Latency splits cleanly by path: gate-fired queries (no LLM) return in ~4.9s mean; gate-pass queries (LLM hit) run ~7.9s mean. The bottleneck is two sequential OpenAI round-trips — embed the query, then the GPT-4o-mini call — not retrieval, which is sub-100ms against Pinecone. Corpus indexing was a ~$0.20 one-time cost; the entire build, including ~550 dev and demo queries, stayed under a dollar.
What broke during calibration — and what I changed because of it.
- Chroma's default L2 distance quietly broke the confidence gate. The gate scores looked wrong across the board — even clean on-topic queries were landing below 0.65 — until I traced it to Chroma defaulting to L2 (Euclidean) distance, which compressed the score range so everything read as low-confidence. Forcing hnsw:space=cosine at collection creation restored the true cosine scores the threshold was calibrated against.
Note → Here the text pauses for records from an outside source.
Lemma eq_arc_sum (g1 g2 : T -> T -> R) :
  (forall x y, a x y -> g1 x y = g2 x y) -> arc_sum g1 = arc_sum g2.
Proof. by move=> e; apply: eq_bigr => x _; apply: eq_bigr => y axy; rewrite e. Qed.

Lemma arc_sumD (g1 g2 : T -> T -> R) :
  arc_sum (fun x y => g1 x y + g2 x y) = arc_sum g1 + arc_sum g2.
Proof.
rewrite /arc_sum -big_split; apply: eq_bigr => x _.
by rewrite -big_split; apply: eq_bigr => y _; rewrite mulrDr.
Qed.

Lemma arc_sumZ (c : R) (g : T -> T -> R) :
  arc_sum (fun x y => c * g x y) = c * arc_sum g.
Proof.
rewrite /arc_sum mulr_sumr; apply: eq_bigr => x _.
by rewrite mulr_sumr; apply: eq_bigr => y _; rewrite mulrCA.
Qed.

Lemma arc_sumB (g1 g2 : T -> T -> R) :
  arc_sum (fun x y => g1 x y - g2 x y) = arc_sum g1 - arc_sum g2.
Proof.
rewrite /arc_sum -sumrB; apply: eq_bigr => x _.
by rewrite -sumrB; apply: eq_bigr => y _; rewrite mulrBr.
Qed.

Lemma arc_sum_nat (k : nat) (g : nat -> T -> T -> R) :
  \sum_(0 <= t < k) arc_sum (g t) = arc_sum (fun x y => \sum_(0 <= t < k) g t x y).
Proof.
rewrite /arc_sum exchange_big /=; apply: eq_bigr => x _.
by rewrite exchange_big /=; apply: eq_bigr => y _; rewrite mulr_sumr.
Qed.

Lemma arc_sum_eq0 (g : T -> T -> R) :
  (forall x y, a x y -> g x y = 0) -> arc_sum g = 0.
Proof. by move=> g0; apply: big1 => x _; apply: big1 => y axy; rewrite g0 // mulr0. Qed.

Lemma total_weightE : total_weight a w = arc_sum (fun _ _ => 1).
Proof. by apply: eq_bigr => x _; apply: eq_bigr => y _; rewrite mulr1. Qed.

Lemma arc_sum_const (c : R) : arc_sum (fun _ _ => c) = c * total_weight a w.
Proof. by rewrite total_weightE -arc_sumZ; apply: eq_arc_sum => x y _; rewrite mulr1. Qed.

Lemma cut_weightE (X : {set T}) :
  cut_weight a w X = arc_sum (fun x y => ((x \in X) && (y \notin X))%:R).
Proof.
rewrite /cut_weight big_mkcond; apply: eq_bigr => x _.
case: (boolP (x \in X)) => xX /=; last by rewrite big1 // => y _; rewrite mulr0.
rewrite big_mkcond [RHS]big_mkcond; apply: eq_bigr => y _.
by rewrite !inE; case: (y \in X); case: (a x y); rewrite /= ?mulr1 ?mulr0.
Qed.

Lemma cut_weight_le_mac (X : {set T}) : cut_weight a w X <= mac a w.
Proof. by rewrite /mac (bigD1 X) //= le_max lexx. Qed.

Hypothesis w_ge0 : nonneg_weights a w.

Lemma ler_arc_sum (g1 g2 : T -> T -> R) :
  (forall x y, a x y -> g1 x y <= g2 x y) -> arc_sum g1 <= arc_sum g2.
Proof.
move=> le12; apply: ler_sum => x _; apply: ler_sum => y axy.
by apply: ler_wpM2l; [exact: w_ge0 | exact: le12].
Qed.

Lemma arc_sum_ge0 (g : T -> T -> R) :
  (forall x y, a x y -> 0 <= g x y) -> 0 <= arc_sum g.
Proof. by move=> g0; rewrite -(arc_sum_eq0 (g := fun _ _ => 0)) //; exact: ler_arc_sum. Qed.

Lemma cut_weight_ge0 (X : {set T}) : 0 <= cut_weight a w X.
Proof. by rewrite cut_weightE; apply: arc_sum_ge0 => x y _; exact: ler0n. Qed.

Lemma cut_weight_le_total (X : {set T}) : cut_weight a w X <= total_weight a w.
Proof.
by rewrite cut_weightE total_weightE; apply: ler_arc_sum => x y _; case: (_ && _).
Qed.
This is what pushed the recalibration from 0.72 down to a stable 0.65.
- MMR λ=0.3 is not always the right setting. An early version used the default MMR λ (0.5), which balanced relevance and diversity too aggressively — retrieved chunks were diverse but the highest-relevance chunk was sometimes excluded in favour of diversity, causing the gate to fire on queries that should have passed. Lowering λ to 0.3 biased retrieval back toward relevance, giving the gate a cleaner signal.
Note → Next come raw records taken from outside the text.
Lemma rejected_step_gt k l : 0 < alpha k -> (l < lk k)%nat -> m < alpha k * beta ^ l.
Proof.
  intros Hak Hl. apply Rnot_le_lt. intro Hle. apply (Hrejected k l Hl).
  unfold nm_test. rewrite (Rmult_assoc rho).
  apply armijo_accepts with (L := L) (c1 := c1) (c2 := c2); try lra; auto.
  apply Rmult_le_pos; [lra | apply pow_le; lra].
Qed.

Lemma alpha_ge_min k : Rmin alpha0 m <= alpha k.
Proof.
  pose proof armijo_step_bound_pos.
  induction k as [| k IH].
  { rewrite Hstart. apply Rmin_l. }
  assert (Hak : 0 < alpha k) by (pose proof (Rmin_glb_lt alpha0 m 0); lra).
  rewrite Hupdate. destruct (lk k) as [| j] eqn:Hlk.
  - (* no backtracking: the step is enlarged to alpha k / beta *)
    change (powerRZ beta (Z.of_nat 0 - 1)) with (/ (beta * 1)).
    rewrite Rmult_1_r. apply Rle_trans with (alpha k); [exact IH |].
    rewrite <- (Rmult_1_r (alpha k)) at 1. apply Rmult_le_compat_l; [lra |].
    rewrite <- Rinv_1. apply Rinv_le_contravar; lra.
  - replace (Z.of_nat (S j) - 1)%Z with (Z.of_nat j) by lia.
    rewrite <- pow_powerRZ.
    apply Rle_trans with m; [apply Rmin_r |].
    apply Rlt_le, rejected_step_gt; [exact Hak | lia].
Qed.

Lemma accepted_step_ge k : beta * Rmin alpha0 m <= alpha k * beta ^ lk k.
Proof.
  pose proof armijo_step_bound_pos.
  pose proof (alpha_ge_min k) as Hk.
  assert (Hmu : 0 < Rmin alpha0 m) by (apply Rmin_glb_lt; lra).
  destruct (lk k) as [| j] eqn:Hlk.
  - simpl. nra.
  - rewrite <- tech_pow_Rmult, <- Rmult_assoc, (Rmult_comm (alpha k)), Rmult_assoc.
    apply Rmult_le_compat_l; [lra |].
    apply Rle_trans with m; [apply Rmin_r |].
    apply Rlt_le, rejected_step_gt; [lra | lia].
Qed.

Lemma kappa_c_eq : kap = rho * beta * c1 * Rmin alpha0 m.
Proof.
  assert (E : 2 * beta * rho * (1 - rho) * c1 ^ 2 / (L * c2 ^ 2) = rho * beta * c1 * m).
  { unfold m, armijo_step_bound. field. lra. }
  assert (Hp : 0 < rho * beta * c1) by (repeat apply Rmult_lt_0_compat; lra).
  unfold kap, kappa_c. rewrite E.
  replace (rho * beta * alpha0 * c1) with (rho * beta * c1 * alpha0) by ring.
  unfold Rmin.
  destruct (Rle_dec alpha0 m), (Rle_dec (rho * beta * c1 * alpha0) (rho * beta * c1 * m));
    [reflexivity | | | reflexivity]; exfalso; nra.
Qed.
- The 500-token chunk size created invisible splits at mid-clause boundaries. Some RBI circular clauses span more than 500 tokens — a condition, its exception, and a cross-reference. Splitting at token count cut these mid-clause, leaving each half missing the other's context. The fix: RecursiveCharacterTextSplitter with clause-boundary separators (section headers, numbered lists) before falling back to token-count splitting.
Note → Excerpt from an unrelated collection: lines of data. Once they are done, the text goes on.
(* LFI3 is a sublogic of classical logic: for every set of formulas $\Gamma$ and formula $\alpha$, if $\Gamma\vDash_{LFI3}\alpha$ then $\Gamma\vDash_{CPL}\alpha$.
   Context: Formulas are built from a countable set of propositional variables using unary $\neg,\circ$ and binary $\land,\lor,\to$. On $\{0,1\}$ use Boolean $\land,\lor,\to,\sim$. Let $\mathbb{B}=\{x\in\{0,1\}^3: x_1\lor x_2=1,\ x_3\lor\sim(x_1\land x_2)=1\}=\{T,t,b,f,F\}$ with $T=(1,0,0)$, $t=(1,0,1)$, $b=(1,1,1)$, $f=(0,1,1)$, $F=(0,1,0)$. The LFI3 algebra on $\mathbb{B}$ has operations: $a\dot\land b=(a_1\land b_1,\ a_2\lor b_2,\ (\sim a_2\land b_3)\lor(a_3\land\sim b_2)\lor(a_3\land b_3))$; $a\dot\lor b=(a_1\lor b_1,\ a_2\land b_2,\ (\sim a_1\land b_3)\lor(a_3\land\sim b_1)\lor(a_3\land b_3))$; $a\dot\to b=(a_1\to b_1,\ b_2\land(\sim a_2\lor a_3),\ (\sim a_2\land b_3)\lor(\sim a_2\land a_3\land\sim b_1)\lor(a_3\land b_3)\lor(\sim a_1\land a_3\land\sim b_1))$; $\dot\neg a=(a_2,a_1,a_3)$; $\dot\circ a=(\sim(a_1\land a_2),a_3,a_3\land\sim(a_1\land a_2))$. Designated set $D=\{T,t,b\}$. Valuations are homomorphisms from formulas to this algebra; $\Gamma\vDash_{LFI3}\alpha$ iff every valuation with $h[\Gamma]\subseteq D$ has $h(\alpha)\in D$. Classical logic CPL over this signature is the matrix logic of the two-element subalgebra $\{T,F\}$ with designated set $\{T\}$ (i.e. the usual two-valued tables for $\neg,\land,\lor,\to$, with $\circ\alpha$ always true). *)

From Stdlib Require Import Bool.

Inductive formula : Type :=
| Var : nat -> formula
| Neg : formula -> formula
| Circ : formula -> formula
| And : formula -> formula -> formula
| Or : formula -> formula -> formula
| Imp : formula -> formula -> formula.

(* Boolean triples; the LFI3 universe B is the set of triples satisfying inB. *)
Definition triple := (bool * bool * bool)%type.
Definition p1 (a : triple) := fst (fst a).
Definition p2 (a : triple) := snd (fst a).
Definition p3 (a : triple) := snd a.
Definition bimp (x y : bool) := implb x y.

Definition inB (a : triple) : Prop :=
  orb (p1 a) (p2 a) = true /\ orb (p3 a) (negb (andb (p1 a) (p2 a))) = true.

Definition vT : triple := (true, false, false).
Definition vt : triple := (true, false, true).
Definition vb : triple := (true, true, true).
Definition vf : triple := (false, true, true).
Definition vF : triple := (false, true, false).

Definition dand (a b : triple) : triple :=
  (p1 a && p1 b, p2 a || p2 b,
   (negb (p2 a) && p3 b) || (p3 a && negb (p2 b)) || (p3 a && p3 b)).
Definition dor (a b : triple) : triple :=
  (p1 a || p1 b, p2 a && p2 b,
   (negb (p1 a) && p3 b) || (p3 a && negb (p1 b)) || (p3 a && p3 b)).
Definition dimp (a b : triple) : triple :=
  (bimp (p1 a) (p1 b), p2 b && (negb (p2 a) || p3 a),
   (negb (p2 a) && p3 b) || (negb (p2 a) && p3 a && negb (p1 b))
   || (p3 a && p3 b) || (negb (p1 a) && p3 a && negb (p1 b))).
Definition dneg (a : triple) : triple := (p2 a, p1 a, p3 a).
Definition dcirc (a : triple) : triple :=
  (negb (p1 a && p2 a), p3 a, p3 a && negb (p1 a && p2 a)).

Definition designated (a : triple) : Prop := a = vT \/ a = vt \/ a = vb.

Fixpoint eval3 (v : nat -> triple) (phi : formula) : triple :=
  match phi with
  | Var n => v n
  | Neg a => dneg (eval3 v a)
  | Circ a => dcirc (eval3 v a)
  | And a b => dand (eval3 v a) (eval3 v b)
  | Or a b => dor (eval3 v a) (eval3 v b)
  | Imp a b => dimp (eval3 v a) (eval3 v b)
  end.

(* An LFI3 valuation: a homomorphism from formulas into the algebra on B,
   i.e. the extension of an assignment of the variables into B. *)
Definition LFI3_consequence (Gamma : formula -> Prop) (alpha : formula) : Prop :=
  forall v : nat -> triple, (forall n, inB (v n)) ->
    (forall g, Gamma g -> designated (eval3 v g)) -> designated (eval3 v alpha).

Fixpoint eval2 (v : nat -> bool) (phi : formula) : bool :=
  match phi with
  | Var n => v n
  | Neg a => negb (eval2 v a)
  | Circ a => true
  | And a b => eval2 v a && eval2 v b
  | Or a b => eval2 v a || eval2 v b
  | Imp a b => implb (eval2 v a) (eval2 v b)
  end.

Definition CPL_consequence (Gamma : formula -> Prop) (alpha : formula) : Prop :=
  forall v : nat -> bool,
    (forall g, Gamma g -> eval2 v g = true) -> eval2 v alpha = true.


(* Classical logic is the matrix of the subalgebra {T, F} of the LFI3 algebra,
   with designated set D ∩ {T, F} = {T}. Hence every classical valuation is an
   LFI3 valuation designating exactly the classically true formulas, and a
   classical countermodel to Gamma |= alpha is an LFI3 countermodel. *)

Definition triple_of_bool (x : bool) : triple := if x then vT else vF.

Lemma inB_triple_of_bool x : inB (triple_of_bool x).
Proof. destruct x; split; reflexivity. Qed.

Lemma designated_triple_of_bool x : designated (triple_of_bool x) <-> x = true.
Proof.
  unfold designated; destruct x; split; auto; [| discriminate].
  intros [H | [H | H]]; discriminate.
Qed.

Lemma dneg_triple_of_bool x :
  dneg (triple_of_bool x) = triple_of_bool (negb x).
Proof. destruct x; reflexivity. Qed.

Lemma dcirc_triple_of_bool x : dcirc (triple_of_bool x) = triple_of_bool true.
Proof. destruct x; reflexivity. Qed.

Lemma dand_triple_of_bool x y :
  dand (triple_of_bool x) (triple_of_bool y) = triple_of_bool (x && y).
Proof. destruct x, y; reflexivity. Qed.

Lemma dor_triple_of_bool x y :
  dor (triple_of_bool x) (triple_of_bool y) = triple_of_bool (x || y).
Proof. destruct x, y; reflexivity. Qed.

Lemma dimp_triple_of_bool x y :
  dimp (triple_of_bool x) (triple_of_bool y) = triple_of_bool (implb x y).
Proof. destruct x, y; reflexivity. Qed.

Lemma eval3_triple_of_bool (v : nat -> bool) (phi : formula) :
  eval3 (fun n => triple_of_bool (v n)) phi = triple_of_bool (eval2 v phi).
Proof.
  induction phi as [n | a IHa | a IHa | a IHa b IHb | a IHa b IHb | a IHa b IHb];
    simpl; try rewrite IHa; try rewrite IHb.
  - reflexivity.
  - apply dneg_triple_of_bool.
  - apply dcirc_triple_of_bool.
  - apply dand_triple_of_bool.
  - apply dor_triple_of_bool.
  - apply dimp_triple_of_bool.
Qed.

Lemma designated_eval3_triple_of_bool (v : nat -> bool) (phi : formula) :
  designated (eval3 (fun n => triple_of_bool (v n)) phi) <-> eval2 v phi = true.
Proof.
  rewrite eval3_triple_of_bool; apply designated_triple_of_bool.
Qed.

Theorem theorem12 (Gamma : formula -> Prop) (alpha : formula) :
  LFI3_consequence Gamma alpha -> CPL_consequence Gamma alpha.
Proof.
  intros Hlfi3 v HGamma.
  apply designated_eval3_triple_of_bool, Hlfi3.
  - intro n; apply inB_triple_of_bool.
  - intros g Hg; apply designated_eval3_triple_of_bool, HGamma, Hg.
Qed.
- Nightly delta re-indexing has a race condition when a circular is updated the same day it's indexed. Early versions used modification date as the freshness signal. If a circular was indexed during the day and then updated before the nightly run, the stale embedded version persisted. Fix: use a content hash as the freshness signal — the nightly run re-embeds any document whose hash doesn't match the stored embedding's metadata hash.
- Gate-fired declines need a human-readable explanation, not just a refusal. Early versions returned a plain "I cannot answer this query" on gate failure. Analysts interpreted this as a system error, not as a confidence gate firing. Fix: the decline message includes the top similarity score and suggests rephrasing — analysts understand the system is deferring on confidence, not broken.